We know this self-styled critic is on the make – and that Cassidy has some craven ulterior motives of his own. Even so, it’s a fault of Smith’s script that Figueras doesn’t talk a better talk or drop better names, beyond a stray mention of Anselm Kiefer. He seems so basic and commercially driven. How has this obvious fraud managed to fake his way to a sizeable reputation in the art world? And why does Berenice, who seems like she can look after herself, hang on his every word?

Bang is more believable as a sociopath, when Figueras’s desperately ambitious nature shows up, to no one’s real surprise. In a couple of violent developments, we get hot flashes of Patricia Highsmith – especially Ripley’s Game, Highsmith’s own thriller about art theft on the continent, with its famously slippery narcissist of a hero.

A 'lizardy' Mick Jagger, right, with Elizabeth Debicki and Claes Bang in Burnt Orange Heresy - Jose Haro
A 'lizardy' Mick Jagger, right, with Elizabeth Debicki and Claes Bang in Burnt Orange Heresy - Jose Haro

Sutherland enjoys himself as a twinkling recluse who drives a hard bargain, and Debicki radiates typical self-assurance, even if she’s typecast yet again as the lounging plaything of unscrupulous men on boats. But the clash of accents – she’s Minnesotan, Debney’s from the South, and Bang speaks in his naturally eccentric Danish tones – yields some oddly garbled scenes.
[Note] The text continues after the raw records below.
(* Axioms (S2) and (S3) together say [loc_at tS (mu x) (tT x)]. *)
Definition loc_at (a : loc T) (s : R) : Prop :=
  match a with
  | inl u => t u = s
  | inr v => t v < s < t (par T v)
  end.

Definition lower (a : loc T) : vert T := match a with inl x | inr x => x end.

Lemma lle_refl (a : loc T) : lle a a.
Proof. by case: a => x; apply: tle_refl. Qed.

Lemma lle_lower (a b : loc T) : lle a b -> tle (lower a) (lower b).
Proof. by case: a => [x|v]; case: b => [y|w] //= /(tle_trans (tle_par v)). Qed.

Lemma lower_at_le (a : loc T) s : loc_at a s -> t (lower a) <= s.
Proof. by case: a => [x|v] /= => [-> | /andP[/ltW]]. Qed.

Lemma lle_at_lt (a b : loc T) s s' : a != b -> lle a b ->
  loc_at a s -> loc_at b s' -> s < s'.
Proof.
case: a => [x|v]; case: b => [y|w] /= aNb ab.
- by move=> <- <-; apply: time_lt => //; apply: contra_neq aNb => ->.
- by move=> <- /andP[tw _]; apply: le_lt_trans (time_le ab) tw.
- by move=> /andP[_ tv] <-; apply: lt_le_trans tv (time_le ab).
- move=> /andP[_ tv] /andP[tw _]; apply: lt_trans tv (le_lt_trans _ tw).
  by apply/time_le/par_tle => //; apply: contra_neq aNb => ->.
Qed.

End Timing.

Section Scenario.
Variables (R : realType) (T S : ptree).
Variables (sigma : vert T -> vert S) (mu : vert T -> loc S).
Variables (tT : vert T -> R) (tS : vert S -> R).
Hypothesis scen : relaxed_scenario sigma mu tT tS.
Implicit Types v w x y z : vert T.
Lemma mstar_kernel_orth w q : (size w <= k.+1)%N ->
  (forall j, (j <= k)%N -> cell_mstar w j = 0) ->
  (size q <= k)%N -> pint (w * q) a b = 0.
Proof.
move=> le_wk Mw0 le_qk; apply/eqP; rewrite -[q]deriv_prim -oppr_eq0.
rewrite -mstar_kernel_quad_err // quad_exact //; apply: leq_trans (size_polyMleq _ _) _.
have := size_deriv_le le_wk; have := size_prim q; lia.
Qed.

Hypothesis lt_ab : a < b.
Hypothesis k_gt0 : (0 < k)%N.
Hypothesis quad_stable :
  0 < (b - a) / (2 * k - 1)%N%:R - cell_quad (S k.+1 * S k.-1).

Lemma cell_quad_legendre_prod :
  cell_quad (S k.+1 * S k.-1) = - ((S k.+1)`_k.+1 * (S k.-1)`_k.-1 * quad_err 'X^(2 * k)).
Proof.
have size_prod : (size (S k.+1 * S k.-1)%R <= (2 * k).+1)%N.
  by apply: leq_trans (size_polyMleq _ _) _; rewrite !size_shifted_legendre; lia.
have := quad_err_top size_prod; rewrite {1}/quad_err.
rewrite shifted_legendre_orth ?size_shifted_legendre ?prednK // sub0r.
have -> : (2 * k = k.+1 + k.-1)%N by lia.
by rewrite coefM_top ?size_shifted_legendre ?prednK // => <-; rewrite opprK.
Qed.

Lemma mstar_kernel_shifted_legendre w : (size w <= k.+1)%N ->
  (forall j, (j <= k)%N -> cell_mstar w j = 0) -> w = (w`_k / (S k)`_k) *: S k.
Proof.
move=> le_wk Mw0; apply: (shifted_legendre_orthE lt_ab le_wk) => q.
exact: mstar_kernel_orth.
Qed.

Lemma mstar_kernel_quad_err_top w : (size w <= k.+1)%N ->
  (forall j, (j <= k)%N -> cell_mstar w j = 0) ->
  w`_k *+ k * (w`_k / k.+1%:R) * quad_err 'X^(2 * k) = - pint (w * w) a b.
Proof.
move=> le_wk Mw0; have := mstar_kernel_quad_err (prim w) le_wk Mw0; rewrite deriv_prim => <-.
have size_dw : (size w^`() <= k.-1.+1)%N by rewrite prednK // size_deriv_le.
have size_pw : (size (prim w) <= k.+2)%N by apply: leq_trans (size_prim w) _; rewrite ltnS.
rewrite [RHS]quad_err_top; last first.
  by apply: leq_trans (size_polyMleq _ _) _; move: size_dw size_pw; lia.
rewrite (_ : 2 * k = k.-1 + k.+1)%N; last by lia.
by rewrite coefM_top // coef_deriv prednK // coef_prim.
Qed.

Lemma cell_mstar_inj w : (size w <= k.+1)%N ->
  (forall j, (j <= k)%N -> cell_mstar w j = 0) -> w = 0.
Proof.
move=> le_wk Mw0; have := mstar_kernel_quad_err_top le_wk Mw0.
have wE := mstar_kernel_shifted_legendre le_wk Mw0; set c := _ / _ in wE.
have [c0|c_neq0] := eqVneq c 0; first by rewrite wE c0 scale0r.
pose rho := quad_err 'X^(2 * k); pose sigma n := (S n)`_n.
have lead_w : w`_k = c * sigma k by rewrite {1}wE coefZ.
have norm_w : pint (w * w) a b = c * (c * ((b - a) / (2 * k + 1)%:R)).
  by rewrite wE -scalerAl -scalerAr !pintZ shifted_legendre_norm.
rewrite norm_w lead_w -/rho => E.
have rho_eq : sigma k ^+ 2 * rho * (k * (2 * k + 1))%:R = - (b - a) * k.+1%:R.
  apply: (mulfI (mulf_neq0 c_neq0 c_neq0)).
  transitivity (c * sigma k *+ k * (c * sigma k / k.+1%:R) * rho * (k.+1 * (2 * k + 1))%:R).
    by field; rewrite -mulrS pnatr_eq0.
  by rewrite E; field; rewrite -natrM natr1 pnatr_eq0.
have prod_eq : sigma k.+1 * sigma k.-1 * rho * (2 * k - 1)%:R = - (b - a).
  apply: (mulIf (_ : k.+1%:R != 0)); first by rewrite pnatr_eq0.
  transitivity (sigma k.+1 * sigma k.-1 * (k.+1 * (2 * k - 1))%:R * rho).
    by rewrite natrM; ring.
  rewrite lead_shifted_legendre_ratio // -/(sigma k) -rho_eq; ring.
have odd_neq0 : (2 * k - 1)%:R != 0 :> R by rewrite pnatr_eq0 -lt0n; lia.
move: quad_stable; rewrite cell_quad_legendre_prod -/rho opprK.
suff -> : (b - a) / (2 * k - 1)%:R + sigma k.+1 * sigma k.-1 * rho = 0 by rewrite ltxx.
by apply: (mulIf odd_neq0); rewrite mul0r mulrDl divfK // prod_eq addrN.
Qed.

Definition mstar_mx : 'M[R]_k.+1 := \matrix_(l, j) cell_mstar 'X^l j.

Lemma cell_mstar_rVpoly (v : 'rV_k.+1) (j : 'I_k.+1) :
  cell_mstar (rVpoly v) j = (v *m mstar_mx) 0 j.
Proof.
rewrite mxE {1}(row_sum_delta v) linear_sum.
rewrite (big_morph (cell_mstar^~ j) (fun p q => cell_mstarD p q j) (cell_mstar0 j)).
by apply: eq_bigr => l _; rewrite linearZ /= rVpoly_delta cell_mstarZ mxE.
Qed.

Lemma mstar_mx_unit : mstar_mx \in unitmx.
Proof.
rewrite -row_free_unit; apply/inj_row_free => v v0.
have : rVpoly v = 0.
  apply: cell_mstar_inj (size_poly _ _) _ => j le_jk.
  by rewrite (cell_mstar_rVpoly v (Ordinal (le_jk : j < k.+1)%N)) v0 mxE.
by move/(congr1 (@poly_rV _ k.+1)); rewrite rVpolyK linear0.
Qed.

Lemma cell_mstar_surj (t : nat -> R) :
  exists2 w : {poly R}, (size w <= k.+1)%N & forall j, (j <= k)%N -> cell_mstar w j = t j.
Proof.
exists (rVpoly ((\row_(j < k.+1) t j) *m invmx mstar_mx)); first exact: size_poly.
move=> j le_jk; rewrite (cell_mstar_rVpoly _ (Ordinal (le_jk : j < k.+1)%N)).
by rewrite mulmxKV ?mstar_mx_unit // mxE.
Qed.

End Cell.

Lemma lt_first_last (R : realFieldType) (k : nat) (y : nat -> R) :
  (forall j, (j <= k)%N -> y j < y j.+1) -> y 0%N < y k.+1.
Proof.
move=> lt_y; elim: k lt_y => [|k IH] lt_y; first exact: lt_y.
by apply: lt_trans (IH _) (lt_y _ _) => // j le_jk; apply: lt_y; rewrite ltnW ?ltnS.
Qed.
Perhaps director Giuseppe Capotondi, in his English-language debut, wasn’t the man to fine-tune this ensemble and listen out for harmony.

Starting with the high-end locations, surface pleasures keep pulling focus. As usual, Debicki appears in plenty of delightful clothes, and Bang cuts a hirsutely impressive figure wearing none. A couple of twists, even if they’re only half-coherent, end things on a light prosecco high. You don’t realise how much you’ve missed Jagger until he bounds back in for a hilariously oily scene at a private view, dripping with cheery threats and off-the-cuff mischief. The film’s a droll enough dawdle, but he’s cock of the walk.